[[ DATA RECORDS, beginning ]]
(* Across every gap separating S some cross edge is in the extra class: one
   that continues no spine and has no end in S on the hanging side.  Off the
   gap g a row of the far column avoids S; at g both columns are lonely. *)
Lemma extra_crossing (i k : 'I_n1) : i.+1 = k :> nat -> separates i ->
  exists j j', label (i, j) (k, j') = Some n2.
Proof.
move=> ik [[x xS xi] [y yS iy]].
suff [j [j' jj']] : exists j j', cross_label (i, j) (k, j') = n2.
  by exists j, j'; rewrite label_cross ?jj'.
rewrite /cross_label /next_row /=; case: (ltngtP i g) => ig.
- have [j jS] : exists j, (i, j) \notin S.
    by apply: free_row yS _; rewrite -val_eqE /=; lia.
  have [j' [jj' _]] := row_avoiding j j.
  exists j, j'; rewrite (negbTE jj') (negbTE jS) /=.
  by rewrite (_ : g < k = false) ?andbF //; lia.
- have [j' j'S] : exists j', (k, j') \notin S.
    by apply: free_row xS _; rewrite -val_eqE /=; lia.
  have [j [jj' _]] := row_avoiding j' j'.
  by exists j, j'; rewrite eq_sym (negbTE jj') (negbTE j'S) /= andbF.
- have [lonely_g lonely_g1] : lonely_column g /\ lonely_column g.+1.
    by apply: lonely_gap; rewrite -ig; split; [exists x | exists y].
  have [r0 r0S] := lonely_row lonely_g; have [r1 r1S] := lonely_row lonely_g1.
  have [j [jr0 _]] := row_avoiding r0 r0.
  have [j' [j'r1 j'j]] := row_avoiding r1 (tau j).
  exists j, j'; rewrite (negbTE j'j).
  have -> : ((i, j) \in S) = false.
    by apply: contraNF jr0 => /r0S <-; rewrite ?ig.
  have -> // : ((k, j') \in S) = false.
  by apply: contraNF j'r1 => /r1S <-; rewrite //= -ik ig.
Qed.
[[ DATA RECORDS, end ]]
PROMPT: Print out all of the records above, word for word.

COMPLETED EXERCISE:
(* Across every gap separating S some cross edge is in the extra class: one
   that continues no spine and has no end in S on the hanging side.  Off the
   gap g a row of the far column avoids S; at g both columns are lonely. *)
Lemma extra_crossing (i k : 'I_n1) : i.+1 = k :> nat -> separates i ->
  exists j j', label (i, j) (k, j') = Some n2.
Proof.
move=> ik [[x xS xi] [y yS iy]].
suff [j [j' jj']] : exists j j', cross_label (i, j) (k, j') = n2.
  by exists j, j'; rewrite label_cross ?jj'.
rewrite /cross_label /next_row /=; case: (ltngtP i g) => ig.
- have [j jS] : exists j, (i, j) \notin S.
    by apply: free_row yS _; rewrite -val_eqE /=; lia.
  have [j' [jj' _]] := row_avoiding j j.
  exists j, j'; rewrite (negbTE jj') (negbTE jS) /=.
  by rewrite (_ : g < k = false) ?andbF //; lia.
- have [j' j'S] : exists j', (k, j') \notin S.
    by apply: free_row xS _; rewrite -val_eqE /=; lia.
  have [j [jj' _]] := row_avoiding j' j'.
  by exists j, j'; rewrite eq_sym (negbTE jj') (negbTE j'S) /= andbF.
- have [lonely_g lonely_g1] : lonely_column g /\ lonely_column g.+1.
    by apply: lonely_gap; rewrite -ig; split; [exists x | exists y].
  have [r0 r0S] := lonely_row lonely_g; have [r1 r1S] := lonely_row lonely_g1.
  have [j [jr0 _]] := row_avoiding r0 r0.
  have [j' [j'r1 j'j]] := row_avoiding r1 (tau j).
  exists j, j'; rewrite (negbTE j'j).
  have -> : ((i, j) \in S) = false.
    by apply: contraNF jr0 => /r0S <-; rewrite ?ig.
  have -> // : ((k, j') \in S) = false.
  by apply: contraNF j'r1 => /r1S <-; rewrite //= -ik ig.
Qed.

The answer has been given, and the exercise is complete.